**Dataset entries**
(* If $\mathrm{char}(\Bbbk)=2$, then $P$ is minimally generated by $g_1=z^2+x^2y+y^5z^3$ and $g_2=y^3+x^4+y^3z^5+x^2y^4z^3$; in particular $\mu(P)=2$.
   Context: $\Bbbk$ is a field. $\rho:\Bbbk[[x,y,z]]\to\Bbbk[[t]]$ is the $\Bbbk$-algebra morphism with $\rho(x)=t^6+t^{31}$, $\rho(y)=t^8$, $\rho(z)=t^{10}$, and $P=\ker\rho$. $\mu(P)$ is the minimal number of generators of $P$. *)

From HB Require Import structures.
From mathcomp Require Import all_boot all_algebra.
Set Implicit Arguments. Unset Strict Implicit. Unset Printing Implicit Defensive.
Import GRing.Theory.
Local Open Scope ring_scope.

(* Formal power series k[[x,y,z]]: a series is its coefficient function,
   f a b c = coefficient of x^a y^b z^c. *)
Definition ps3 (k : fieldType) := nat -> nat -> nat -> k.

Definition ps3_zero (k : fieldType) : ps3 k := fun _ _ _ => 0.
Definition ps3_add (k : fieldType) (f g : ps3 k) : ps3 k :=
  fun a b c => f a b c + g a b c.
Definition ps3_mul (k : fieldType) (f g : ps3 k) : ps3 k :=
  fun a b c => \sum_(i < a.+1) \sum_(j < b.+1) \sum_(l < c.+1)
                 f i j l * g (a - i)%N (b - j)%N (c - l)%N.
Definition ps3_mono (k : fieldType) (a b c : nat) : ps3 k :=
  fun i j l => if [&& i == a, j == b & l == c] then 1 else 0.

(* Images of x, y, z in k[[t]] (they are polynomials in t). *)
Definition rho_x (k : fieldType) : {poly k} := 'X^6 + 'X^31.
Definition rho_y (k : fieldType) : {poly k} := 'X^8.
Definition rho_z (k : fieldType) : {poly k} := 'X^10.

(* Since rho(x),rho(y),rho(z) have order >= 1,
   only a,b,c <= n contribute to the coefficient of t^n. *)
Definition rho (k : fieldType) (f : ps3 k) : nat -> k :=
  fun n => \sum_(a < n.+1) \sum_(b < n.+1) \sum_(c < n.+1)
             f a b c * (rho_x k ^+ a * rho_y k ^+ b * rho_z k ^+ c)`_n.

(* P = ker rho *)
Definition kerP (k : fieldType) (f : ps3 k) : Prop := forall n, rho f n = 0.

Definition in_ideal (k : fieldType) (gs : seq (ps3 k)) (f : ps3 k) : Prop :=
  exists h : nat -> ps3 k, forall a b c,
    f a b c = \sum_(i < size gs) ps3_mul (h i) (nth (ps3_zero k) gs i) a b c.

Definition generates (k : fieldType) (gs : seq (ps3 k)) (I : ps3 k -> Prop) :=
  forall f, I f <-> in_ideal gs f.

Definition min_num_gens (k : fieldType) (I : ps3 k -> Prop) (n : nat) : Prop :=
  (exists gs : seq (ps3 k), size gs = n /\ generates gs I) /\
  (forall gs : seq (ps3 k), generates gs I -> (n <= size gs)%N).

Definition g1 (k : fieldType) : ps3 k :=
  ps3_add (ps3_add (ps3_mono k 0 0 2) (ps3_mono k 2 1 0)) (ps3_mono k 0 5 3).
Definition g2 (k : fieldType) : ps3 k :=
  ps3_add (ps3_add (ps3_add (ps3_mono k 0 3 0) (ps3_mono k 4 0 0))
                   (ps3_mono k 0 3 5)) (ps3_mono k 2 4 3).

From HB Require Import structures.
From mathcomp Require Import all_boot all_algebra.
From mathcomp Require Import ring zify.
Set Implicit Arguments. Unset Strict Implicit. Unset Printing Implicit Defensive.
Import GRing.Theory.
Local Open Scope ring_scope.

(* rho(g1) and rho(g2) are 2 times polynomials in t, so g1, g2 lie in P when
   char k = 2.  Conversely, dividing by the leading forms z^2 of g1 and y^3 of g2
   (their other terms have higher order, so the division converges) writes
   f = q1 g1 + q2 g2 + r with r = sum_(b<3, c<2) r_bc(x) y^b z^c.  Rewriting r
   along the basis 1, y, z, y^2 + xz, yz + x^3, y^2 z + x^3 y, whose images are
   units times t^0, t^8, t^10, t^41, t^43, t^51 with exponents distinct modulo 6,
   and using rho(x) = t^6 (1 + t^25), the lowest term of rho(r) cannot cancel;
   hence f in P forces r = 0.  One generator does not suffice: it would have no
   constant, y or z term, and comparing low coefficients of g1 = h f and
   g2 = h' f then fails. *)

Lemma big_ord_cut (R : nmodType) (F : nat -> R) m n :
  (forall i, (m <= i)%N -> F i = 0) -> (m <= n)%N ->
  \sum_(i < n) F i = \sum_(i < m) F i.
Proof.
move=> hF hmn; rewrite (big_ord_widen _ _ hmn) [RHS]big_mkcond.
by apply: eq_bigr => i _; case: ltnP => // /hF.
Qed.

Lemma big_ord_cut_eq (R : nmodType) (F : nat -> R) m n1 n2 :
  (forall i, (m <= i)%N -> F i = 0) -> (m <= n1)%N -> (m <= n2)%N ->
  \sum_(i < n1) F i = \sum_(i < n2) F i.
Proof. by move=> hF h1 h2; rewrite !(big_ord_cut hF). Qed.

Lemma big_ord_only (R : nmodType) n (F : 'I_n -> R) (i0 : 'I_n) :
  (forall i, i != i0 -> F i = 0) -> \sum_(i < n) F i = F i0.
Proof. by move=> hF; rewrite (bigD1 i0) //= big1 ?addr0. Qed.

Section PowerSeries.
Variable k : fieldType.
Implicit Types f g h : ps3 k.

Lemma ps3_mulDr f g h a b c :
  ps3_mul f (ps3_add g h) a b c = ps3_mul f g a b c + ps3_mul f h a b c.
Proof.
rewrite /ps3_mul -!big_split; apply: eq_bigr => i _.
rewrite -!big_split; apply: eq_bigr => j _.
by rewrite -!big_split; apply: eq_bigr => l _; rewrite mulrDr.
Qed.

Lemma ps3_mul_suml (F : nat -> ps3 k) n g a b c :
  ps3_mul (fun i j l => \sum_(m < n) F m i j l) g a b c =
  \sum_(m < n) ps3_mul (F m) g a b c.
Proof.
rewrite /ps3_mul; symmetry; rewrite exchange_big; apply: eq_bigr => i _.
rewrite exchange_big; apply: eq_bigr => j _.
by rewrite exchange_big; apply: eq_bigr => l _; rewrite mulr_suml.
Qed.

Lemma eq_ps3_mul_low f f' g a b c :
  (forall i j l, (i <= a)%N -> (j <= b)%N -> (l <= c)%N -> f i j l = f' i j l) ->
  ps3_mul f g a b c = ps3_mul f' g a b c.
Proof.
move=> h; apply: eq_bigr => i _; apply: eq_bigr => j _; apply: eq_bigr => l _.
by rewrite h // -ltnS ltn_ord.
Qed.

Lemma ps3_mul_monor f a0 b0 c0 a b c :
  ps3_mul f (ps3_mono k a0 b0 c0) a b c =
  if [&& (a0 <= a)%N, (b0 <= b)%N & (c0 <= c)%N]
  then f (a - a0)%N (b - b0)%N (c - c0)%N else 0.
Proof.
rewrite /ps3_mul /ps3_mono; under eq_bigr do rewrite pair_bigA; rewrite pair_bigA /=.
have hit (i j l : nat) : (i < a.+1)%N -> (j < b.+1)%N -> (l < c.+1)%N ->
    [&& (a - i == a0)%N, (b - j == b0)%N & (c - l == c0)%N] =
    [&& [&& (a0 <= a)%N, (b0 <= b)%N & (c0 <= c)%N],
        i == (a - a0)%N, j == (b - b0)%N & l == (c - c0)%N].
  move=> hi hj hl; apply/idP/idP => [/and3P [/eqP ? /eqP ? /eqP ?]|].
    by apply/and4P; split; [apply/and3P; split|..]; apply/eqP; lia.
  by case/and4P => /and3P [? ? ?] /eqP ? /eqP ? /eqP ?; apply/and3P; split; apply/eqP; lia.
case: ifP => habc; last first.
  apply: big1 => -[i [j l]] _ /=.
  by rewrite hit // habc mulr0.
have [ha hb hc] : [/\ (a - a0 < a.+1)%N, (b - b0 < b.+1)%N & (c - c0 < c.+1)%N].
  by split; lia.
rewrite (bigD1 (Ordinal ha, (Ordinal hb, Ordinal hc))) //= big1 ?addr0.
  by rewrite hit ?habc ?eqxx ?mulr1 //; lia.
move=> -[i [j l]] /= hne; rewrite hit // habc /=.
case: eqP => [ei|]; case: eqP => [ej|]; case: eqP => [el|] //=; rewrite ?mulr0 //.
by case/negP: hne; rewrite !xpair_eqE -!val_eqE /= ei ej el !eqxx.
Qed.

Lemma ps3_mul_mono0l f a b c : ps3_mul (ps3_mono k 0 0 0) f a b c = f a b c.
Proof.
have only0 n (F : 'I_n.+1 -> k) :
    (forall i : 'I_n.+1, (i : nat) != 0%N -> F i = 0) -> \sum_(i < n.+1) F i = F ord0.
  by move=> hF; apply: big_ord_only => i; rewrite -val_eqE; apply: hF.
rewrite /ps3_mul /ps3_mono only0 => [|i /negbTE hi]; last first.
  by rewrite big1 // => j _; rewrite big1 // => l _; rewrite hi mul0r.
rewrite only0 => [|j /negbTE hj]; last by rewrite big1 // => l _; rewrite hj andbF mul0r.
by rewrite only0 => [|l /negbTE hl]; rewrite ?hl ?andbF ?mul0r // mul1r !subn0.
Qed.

**TASK DESCRIPTION**
Exactly the lines above from the one with "f a b c = \sum_(i" to the one with "Definition min_num_gens (k", both included, are to be quoted; leave the rest out.

**COMPLETED TASK**
    f a b c = \sum_(i < size gs) ps3_mul (h i) (nth (ps3_zero k) gs i) a b c.

Definition generates (k : fieldType) (gs : seq (ps3 k)) (I : ps3 k -> Prop) :=
  forall f, I f <-> in_ideal gs f.

Definition min_num_gens (k : fieldType) (I : ps3 k -> Prop) (n : nat) : Prop :=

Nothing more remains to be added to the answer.